This Avocado and Egg Bowl is a quick and flavorful meal that’s perfect for anyone following a paleo lifestyle. Packed with wholesome ingredients like creamy avocado, fresh spinach, juicy cherry tomatoes, and protein-rich eggs, it’s a nutrient-dense choice that fuels your day without weighing you down. Ready in minutes, it’s ideal for busy mornings or light, energizing lunches. Whether you’re eating clean or just love vibrant, satisfying meals, this bowl delivers freshness and taste in every bite.
Ingredients
- 2 large eggs
- 1 ripe avocado, sliced
- 1 cup baby spinach
- 1/2 cup cherry tomatoes, halved
- 1 tbsp olive oil
- 1/4 tsp sea salt
- 1/8 tsp black pepper
- 1 tbsp chopped fresh cilantro
Instructions
- Heat a skillet over medium heat and add the olive oil.
- Crack the eggs into the skillet. Cook them sunny-side up for 3–4 minutes, or until the whites are set and the yolks are still runny. For firmer yolks, cook 1–2 minutes longer. Remove from heat and set aside.
- While the eggs are cooking, rinse and dry the baby spinach and cherry tomatoes.
- In two serving bowls, evenly divide the baby spinach as the base.
- Add the halved cherry tomatoes around the edge of each bowl.
- Slice the avocado and divide between the two bowls, arranging next to the spinach and tomatoes.
- Top each bowl with one cooked egg. Sprinkle with sea salt and black pepper.

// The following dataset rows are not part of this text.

(* Let $a\in[0,\infty)$ and let $t:[0,1]\to[0,\infty]$ and $s:[0,\infty]\to[0,1]$ be continuous and increasing functions such that $G_{t,s}(x,y)=s(t(x)+t(y))$ defines a grouping function $G_{t,s}:[0,1]^2\to[0,1]$, and suppose that at least one of the following holds: (1) $t(x)=\frac{a}{2}$ if and only if $x=0$; (2) $s(x)=0$ if and only if $x\in[0,a]$. Then there exist a pseudo automorphism $\mathcal{F}$ and a t-superconorm $T_{super}$ such that $G_{t,s}(x,y)=\mathcal{F}(T_{super}(x,y))$ for all $x,y\in[0,1]$.
   Context: ''Increasing'' means non-decreasing. Arithmetic in $[0,\infty]$ uses $c+\infty=\infty$; continuity on $[0,\infty]$ refers to the usual topology of the extended half-line. A grouping function is a map $G:[0,1]^2\to[0,1]$ that is (G1) commutative, (G2) $G(x,y)=0$ iff $x=y=0$, (G3) $G(x,y)=1$ iff $x=1$ or $y=1$, (G4) increasing in each variable, (G5) continuous. A pseudo automorphism is a continuous increasing map $\mathcal{F}:[0,1]\to[0,1]$ with $\mathcal{F}(x)=1$ iff $x=1$ and $\mathcal{F}(x)=0$ iff $x=0$. A t-superconorm is a commutative, associative map $S:[0,1]^2\to[0,1]$, increasing in each variable, with $S(x,y)\ge\max\{x,y\}$ for all $x,y$. *)

From HB Require Import structures.
From mathcomp Require Import all_boot all_order all_algebra.
From mathcomp Require Import all_classical all_reals all_analysis.
Set Implicit Arguments. Unset Strict Implicit. Unset Printing Implicit Defensive.
Import Order.TTheory GRing.Theory Num.Theory.
Import numFieldNormedType.Exports.
Local Open Scope classical_set_scope.
Local Open Scope ring_scope.

Section Defs.
Variable R : realType.

Definition I01 : set R := `[0, 1]%classic.

Definition Ext0 : set (\bar R) := [set x | (0 <= x)%E].

(* grouping function on [0,1]^2 (values outside [0,1]^2 irrelevant) *)
Definition grouping (G : R -> R -> R) : Prop :=
  (forall x y, I01 x -> I01 y -> I01 (G x y)) /\
  [/\ (forall x y, I01 x -> I01 y -> G x y = G y x),
      (forall x y, I01 x -> I01 y -> (G x y = 0 <-> (x = 0 /\ y = 0))),
      (forall x y, I01 x -> I01 y -> (G x y = 1 <-> (x = 1 \/ y = 1))),
      (forall x1 x2 y, I01 x1 -> I01 x2 -> I01 y -> x1 <= x2 ->
          G x1 y <= G x2 y /\ G y x1 <= G y x2) &
      {within I01 `*` I01, continuous (fun p : R * R => G p.1 p.2)}].

Definition pseudo_automorphism (F : R -> R) : Prop :=
  [/\ (forall x, I01 x -> I01 (F x)),
      {within I01, continuous F},
      (forall x y, I01 x -> I01 y -> x <= y -> F x <= F y),
      (forall x, I01 x -> (F x = 1 <-> x = 1)) &
      (forall x, I01 x -> (F x = 0 <-> x = 0))].

Definition t_superconorm (S : R -> R -> R) : Prop :=
  [/\ (forall x y, I01 x -> I01 y -> I01 (S x y)),
      (forall x y, I01 x -> I01 y -> S x y = S y x),
      (forall x y z, I01 x -> I01 y -> I01 z -> S x (S y z) = S (S x y) z),
      (forall x1 x2 y, I01 x1 -> I01 x2 -> I01 y -> x1 <= x2 ->
          S x1 y <= S x2 y /\ S y x1 <= S y x2) &
      (forall x y, I01 x -> I01 y -> Num.max x y <= S x y)].

End Defs.
Arguments I01 {R}.
Arguments Ext0 {R}.

From HB Require Import structures.
From mathcomp Require Import all_boot all_order all_algebra.
From mathcomp Require Import all_classical all_reals all_analysis.
From mathcomp Require Import lra.
Import Order.TTheory GRing.Theory Num.Theory.
Import numFieldNormedType.Exports.
Local Open Scope classical_set_scope.
Local Open Scope ring_scope.

(* As G(0,0) = 0 <> 1 = G(1,1), t(0) is finite.  On [t(0), t(1)] the truncated
   sum p (+) q = min(p + q - t(0), t(1)) is commutative, monotone and
   associative, and t(x) <= t(x) (+) t(y).  The upper pseudo-inverse
   t^-1(v) = sup {z in [0,1] | t(z) <= v} is a right inverse of t on
   [t(0), t(1)] by the intermediate value theorem, so
   T(x,y) = t^-1(t(x) (+) t(y)) is a t-superconorm.  For F(z) = G(z,0),
   F(T(x,y)) = s(min(t(x) + t(y), t(1) + t(0))), which is G(x,y) because s
   already reaches 1 at t(1) + t(0). *)

Lemma I01P (R : realType) (z : R) : I01 z <-> 0 <= z <= 1.
Proof. by rewrite /I01 /= in_itv. Qed.

Lemma I01_0 {R : realType} : I01 (0 : R).
Proof. by apply/I01P; rewrite lexx ler01. Qed.

Lemma I01_1 {R : realType} : I01 (1 : R).
Proof. by apply/I01P; rewrite lexx ler01. Qed.

Section PseudoInverse.
Set Implicit Arguments.
Unset Strict Implicit.
Variables (R : realType) (f : R -> R).
Hypothesis f_cont : {within I01, continuous f}.
Hypothesis f_mono : forall x y, I01 x -> I01 y -> x <= y -> f x <= f y.

Definition pinv (m : R) : R := sup [set z | I01 z /\ f z <= m].

Lemma le_pinv m z : I01 z -> f z <= m -> z <= pinv m.
Proof.
move=> z01 fzm; apply: ub_le_sup; last by split.
by exists 1 => y [/I01P/andP[]].
Qed.

Lemma pinv_in01 m : f 0 <= m -> I01 (pinv m).
Proof.
move=> f0m; apply/I01P; rewrite le_pinv //=; last exact: I01_0.
by apply: ge_sup; [exists 0; split=> //; exact: I01_0 | move=> y [/I01P/andP[]]].
Qed.

Lemma pinv_homo m m' : f 0 <= m -> m <= m' -> pinv m <= pinv m'.
Proof.
move=> f0m mm'; apply: ge_sup; first by exists 0; split=> //; exact: I01_0.
by move=> z [z01 fzm]; apply: le_pinv z01 (le_trans fzm mm').
Qed.

Lemma IVT_I01 a b m : 0 <= a <= b -> b <= 1 -> f a <= m <= f b ->
  exists2 c, a <= c <= b & f c = m.
Proof.
move=> /andP[a0 ab] b1 /andP[fam mfb].
have f_cont_ab : {within `[a, b], continuous f}.
  apply: continuous_subspaceW f_cont => z /=; rewrite in_itv /= => /andP[az zb].
  by apply/I01P; rewrite (le_trans a0 az) (le_trans zb b1).
have [|c] := @IVT R f a b m ab f_cont_ab; first by rewrite ge_min fam le_max mfb orbT.
by rewrite in_itv; exists c.
Qed.

Lemma f_pinv_le m : f 0 <= m -> f (pinv m) <= m.
Proof.
move=> f0m; have /I01P/andP[c0 c1] := pinv_in01 f0m.
(* Otherwise the IVT gives y < pinv m with m < f y, yet y lies below some z
   with f z <= m. *)
rewrite leNgt; apply/negP => mfc.
have [||y /andP[y0 yc] fy] := @IVT_I01 0 (pinv m) ((m + f (pinv m)) / 2) _ c1.
- by rewrite lexx c0.
- by apply/andP; split; lra.
have y_lt : y < pinv m.
  rewrite lt_neqAle yc andbT; apply: contraTneq mfc => yE.
  by rewrite -leNgt; move: fy; rewrite yE; lra.
have [|z [z01 fzm] yz] := sup_gt _ y_lt.
  by exists 0; split; [exact: I01_0 | exact: f0m].
have y01 : I01 y by apply/I01P; rewrite y0 (le_trans yc c1).
have : f y <= f z by exact: f_mono (ltW yz).
lra.
Qed.

Lemma pinvK m : f 0 <= m <= f 1 -> f (pinv m) = m.
Proof.
move=> /andP[f0m mf1]; have /I01P/andP[c0 c1] := pinv_in01 f0m.
have [||d /andP[cd d1] fd] := @IVT_I01 (pinv m) 1 m _ (lexx 1).
- by rewrite c0 c1.
- by rewrite f_pinv_le.
have dc : d <= pinv m.
  by apply: le_pinv; [apply/I01P; rewrite (le_trans c0 cd) d1 | rewrite fd].
by have -> : pinv m = d by apply/le_anti; rewrite dc cd.
Qed.
End PseudoInverse.

Lemma contract_continuous (R : realType) : continuous (@contract R).
Proof.
move=> x; apply/cvg_ballP => e e0.
exact: filterS (@nbhsx_ballx R (\bar R) x e e0).
Qed.

Section ExtendedPseudoInverse.
Set Implicit Arguments.
Unset Strict Implicit.
Variables (R : realType) (t : R -> \bar R).
Hypothesis t_cont : {within I01, continuous t}.
Hypothesis t_mono : forall x y, I01 x -> I01 y -> x <= y -> (t x <= t y)%E.

(* [contract] embeds [\bar R] monotonically into [[-1, 1]], where the real
   intermediate value theorem is available. *)
Definition tinv (v : \bar R) : R := pinv (fun z => contract (t z)) (contract v).

Let ct_cont : {within I01, continuous (fun z => contract (t z))}.
Proof. by apply: within_continuous_comp t_cont => v _; exact: contract_continuous. Qed.

Let ct_mono x y : I01 x -> I01 y -> x <= y -> contract (t x) <= contract (t y).
Proof. by move=> x01 y01 xy; rewrite /= le_contract t_mono. Qed.

Lemma le_tinv v z : I01 z -> (t z <= v)%E -> z <= tinv v.
Proof. by move=> z01 tzv; apply: le_pinv z01 _; rewrite /= le_contract. Qed.

Lemma tinv_in01 v : (t 0 <= v)%E -> I01 (tinv v).
Proof. by move=> t0v; apply: pinv_in01; rewrite /= le_contract. Qed.

Lemma tinv_homo v v' : (t 0 <= v)%E -> (v <= v')%E -> tinv v <= tinv v'.
Proof. by move=> t0v vv'; apply: pinv_homo; rewrite /= le_contract. Qed.

Lemma tinvK v : (t 0 <= v <= t 1)%E -> t (tinv v) = v.
Proof.
case/andP=> t0v vt1; apply: contract_inj; apply: (pinvK ct_cont ct_mono).
by rewrite !le_contract t0v vt1.
Qed.

End ExtendedPseudoInverse.

Section TruncatedSum.
Variables (R : realType) (c0 : R) (c1 : \bar R).
Local Open Scope ereal_scope.

Definition trunc_add (p q : \bar R) : \bar R := mine (p + q - c0%:E) c1.

Lemma trunc_addC : commutative trunc_add.
Proof. by move=> p q; rewrite /trunc_add (addeC p). Qed.

Lemma trunc_add_le p q : trunc_add p q <= c1.
Proof. by rewrite /trunc_add ge_min lexx orbT. Qed.

Lemma le_trunc_add p q : p <= c1 -> c0%:E <= q -> p <= trunc_add p q.
Proof.
move=> pc1 c0q; rewrite /trunc_add le_min pc1 andbT -addeA.
by apply: leeDl; rewrite suber_ge0.
Qed.

Lemma trunc_add_homo p p' q : p <= p' -> trunc_add p q <= trunc_add p' q.
Proof. by move=> pp'; apply: le_min2 => //; rewrite !leeD2r. Qed.

Lemma trunc_add_minr p q :
  c0%:E <= p -> trunc_add p (mine q c1) = trunc_add p q.
Proof.
move=> c0p; have p_c0 : 0 <= p - c0%:E by rewrite suber_ge0.
rewrite /trunc_add; have [//|c1q] := leP q c1.
rewrite min_r; last by rewrite addeAC; apply: leeDr.
by apply/esym/min_idPr; rewrite addeAC; apply: lee_paddl p_c0 (ltW c1q).
Qed.

Lemma trunc_addA p q r : c0%:E <= p -> c0%:E <= r ->
  trunc_add p (trunc_add q r) = trunc_add (trunc_add p q) r.
Proof.
move=> c0p c0r; rewrite [trunc_add q r]/trunc_add trunc_add_minr //.
rewrite [RHS]trunc_addC [trunc_add p q]/trunc_add trunc_add_minr //.
rewrite /trunc_add; congr (mine (_ - _) _).
by rewrite !addeA [r + p]addeC (addeAC p r).
Qed.

Lemma trunc_addDr p q : trunc_add p q + c0%:E = mine (p + q) (c1 + c0%:E).
Proof.
by rewrite /trunc_add !minEle leeBlDr //; case: ifP => // _; rewrite subeK.
Qed.

End TruncatedSum.

Section TruncatedAdditiveGenerator.
Set Implicit Arguments.
Unset Strict Implicit.
Variables (R : realType) (t : R -> \bar R).
Hypothesis t_cont : {within I01, continuous t}.
Hypothesis t_mono : forall x y, I01 x -> I01 y -> x <= y -> (t x <= t y)%E.
Hypothesis t0_fin : t 0 \is a fin_num.

Local Notation tadd := (trunc_add (fine (t 0)) (t 1)).

Definition tsuper (x y : R) : R := tinv t (tadd (t x) (t y)).

Let t0E : (fine (t 0))%:E = t 0. Proof. exact: fineK. Qed.

Let t0_le x : I01 x -> (t 0 <= t x)%E.
Proof. by move=> x01; have /I01P/andP[x0 _] := x01; exact: t_mono _ _ I01_0 x01 x0. Qed.

Let le_t1 x : I01 x -> (t x <= t 1)%E.
Proof. by move=> x01; have /I01P/andP[_ x1] := x01; exact: t_mono _ _ x01 I01_1 x1. Qed.

Let le_tadd x y : I01 x -> I01 y -> (t x <= tadd (t x) (t y))%E.
Proof. by move=> x01 y01; rewrite le_trunc_add ?t0E ?le_t1 ?t0_le. Qed.

Let t0_le_tadd x y : I01 x -> I01 y -> (t 0 <= tadd (t x) (t y))%E.
Proof. by move=> x01 y01; rewrite (le_trans (t0_le x01)) ?le_tadd. Qed.

Lemma t_tsuper x y : I01 x -> I01 y -> t (tsuper x y) = tadd (t x) (t y).
Proof. by move=> x01 y01; apply: tinvK => //; rewrite trunc_add_le t0_le_tadd. Qed.

Lemma t_tsuperD_t0 x y : I01 x -> I01 y ->
  (t (tsuper x y) + t 0 = mine (t x + t y) (t 1 + t 0))%E.
Proof. by move=> x01 y01; rewrite t_tsuper // -[in LHS]t0E trunc_addDr t0E. Qed.

Lemma tsuper_t_superconorm : t_superconorm tsuper.
Proof.
split.
- by move=> x y x01 y01; apply: tinv_in01; apply: t0_le_tadd.
- by move=> x y _ _; rewrite /tsuper trunc_addC.
- move=> x y z x01 y01 z01; rewrite /tsuper -/(tsuper y z) -/(tsuper x y).
  by rewrite !t_tsuper // trunc_addA ?t0E ?t0_le.
- move=> x1 x2 y x1_01 x2_01 y01 x12; rewrite /tsuper ![tadd (t y) _]trunc_addC.
  by split; apply: tinv_homo; rewrite ?t0_le_tadd // trunc_add_homo ?t_mono.
- move=> x y x01 y01; rewrite ge_max !le_tinv ?le_tadd //.
  by rewrite trunc_addC le_tadd.
Qed.

End TruncatedAdditiveGenerator.

Lemma within_continuous_section {X Y Z : topologicalType} (A : set X) (B : set Y)
    (g : X -> Y -> Z) y :
  B y -> {within A `*` B, continuous (fun p => g p.1 p.2)} ->
  {within A, continuous (g ^~ y)}.
Proof.
move=> By /subspace_continuousP g_cont; apply/subspace_continuousP => x Ax.
apply: cvg_trans (g_cont (x, y) (conj Ax By)) => P /= gP.
have pair_cvg : (fun z => (z, y)) @ x --> (x, y).
  by apply: cvg_pair; [exact: cvg_id | exact: cvg_cst].
change (nbhs x (fun z => A z -> P (g z y))).
have h : nbhs x (fun z => (A `*` B) (z, y) -> P (g z y)) := pair_cvg _ gP.
by apply: filterS h => z gzP Az; apply: gzP.
Qed.

Lemma grouping_section0 (R : realType) (G : R -> R -> R) :
  grouping G -> pseudo_automorphism (G ^~ 0).
Proof.
move=> [G01 [_ G0 G1 G_mono G_cont]]; split.
- by move=> x x01; exact: G01 x01 I01_0.
- exact: within_continuous_section I01_0 G_cont.
- by move=> x y x01 y01 xy; case: (G_mono x y 0 x01 y01 I01_0 xy).
- move=> x x01; rewrite G1 //; last exact: I01_0.
  by split=> [[//|/esym/eqP]|]; [rewrite oner_eq0 | left].
- by move=> x x01; rewrite G0 //; [split=> [[]|] | exact: I01_0].
Qed.

Lemma grouping_t0_fin (R : realType) (t : R -> \bar R) (s : \bar R -> R) :
  (forall x, I01 x -> Ext0 (t x)) ->
  (forall x y, I01 x -> I01 y -> x <= y -> (t x <= t y)%E) ->
  grouping (fun x y => s (t x + t y)%E) -> t 0 \is a fin_num.
Proof.
move=> t_ge0 t_mono [_ [_ G0 G1 _ _]].
have := t_ge0 0 I01_0; rewrite /Ext0 /= fin_numE; case E: (t 0) => [r| |] //= _.
have t1 : t 1 = +oo%E.
  by apply/eqP; rewrite -leye_eq -E t_mono ?ler01 //; [exact: I01_0 | exact: I01_1].
have := G0 0 0 I01_0 I01_0; have := G1 1 1 I01_1 I01_1.
rewrite E t1 => -[_ G11] [_ G00].
by move/eqP: (G00 (conj erefl erefl)); rewrite G11 ?oner_eq0 //; left.
Qed.

Lemma monotone_mine_saturated (R : realType) (s : \bar R -> R) (p c : \bar R) :
  (forall x y, Ext0 x -> Ext0 y -> (x <= y)%E -> s x <= s y) ->
  Ext0 p -> Ext0 c -> s p <= 1 -> s c = 1 -> s (mine p c) = s p.
Proof.
move=> s_mono p0 c0 sp1 sc1; rewrite minEle; case: leP => // cp.
by rewrite sc1; apply/le_anti; rewrite sp1 -sc1 s_mono // ltW.
Qed.

Theorem proposition6p7 (R : realType) (a : R) (t : R -> \bar R) (s : \bar R -> R) :
  0 <= a ->
  (forall x, I01 x -> Ext0 (t x)) ->
  (forall x, Ext0 x -> I01 (s x)) ->
  {within I01, continuous t} ->
  {within Ext0, continuous s} ->
  (forall x y, I01 x -> I01 y -> x <= y -> (t x <= t y)%E) ->
  (forall x y, Ext0 x -> Ext0 y -> (x <= y)%E -> s x <= s y) ->
  grouping (fun x y => s (t x + t y)%E) ->
  ((forall x, I01 x -> (t x = (a / 2)%:E <-> x = 0)) \/
   (forall x, Ext0 x -> (s x = 0 <-> (x <= a%:E)%E))) ->
  exists (F : R -> R) (Tsuper : R -> R -> R),
    pseudo_automorphism F /\ t_superconorm Tsuper /\
    forall x y, I01 x -> I01 y -> s (t x + t y)%E = F (Tsuper x y).
Proof.
move=> _ t_ge0 s01 t_cont _ t_mono s_mono G_grouping _.
have t0_fin := grouping_t0_fin t_ge0 t_mono G_grouping.
exists (fun x => s (t x + t 0%R)%E), (tsuper t); split.
  exact: grouping_section0 G_grouping.
split; first exact: tsuper_t_superconorm.
have Ext0D u v : I01 u -> I01 v -> Ext0 (t u + t v)%E.
  by move=> u01 v01; apply: adde_ge0; apply: t_ge0.
have G10 : s (t 1%R + t 0%R)%E = 1.
  by case: G_grouping => _ [_ _ G1 _ _]; apply/G1; [exact: I01_1 | exact: I01_0 | left].
move=> x y x01 y01; rewrite /= t_tsuperD_t0 //.
apply/esym/monotone_mine_saturated => //.
- exact: Ext0D.
- exact: Ext0D I01_1 I01_0.
- by case/I01P/andP: (s01 _ (Ext0D _ _ x01 y01)).
Qed.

- Garnish with freshly chopped cilantro and serve immediately.
Nutritional Information
Calories: 210
Protein (g): 7
Fat (g): 18
Carbohydrates (g): 9
Fiber (g): 5
Sugar (g): 2
Sodium (mg): 210
Storage Instructions
To store leftovers, place all components in an airtight container and refrigerate for up to 2 days. For best results, store the sliced avocado separately and add it fresh before serving, as it can brown and become mushy in the fridge. This dish is not freezer-friendly due to the fresh vegetables and avocado, which do not freeze well.
Reheating Instructions
To reheat, gently warm the cooked eggs and spinach in a skillet over medium-low heat for 2–3 minutes, or microwave on low for 30–45 seconds until just heated through. Avoid overheating to preserve texture. Add the avocado and cherry tomatoes after reheating to maintain their freshness and texture.
Optional Add-Ins and Swaps
To enhance the protein content, consider adding sliced grilled chicken, smoked salmon, or a spoonful of hemp seeds. For a fiber boost, add shredded cabbage or sauerkraut, both of which are paleo-friendly and add gut-friendly probiotics. Diced red bell peppers or a few steamed broccoli florets can increase the micronutrient content, offering more vitamin C and K. These additions maintain the paleo integrity of the dish while improving its overall nutritional profile.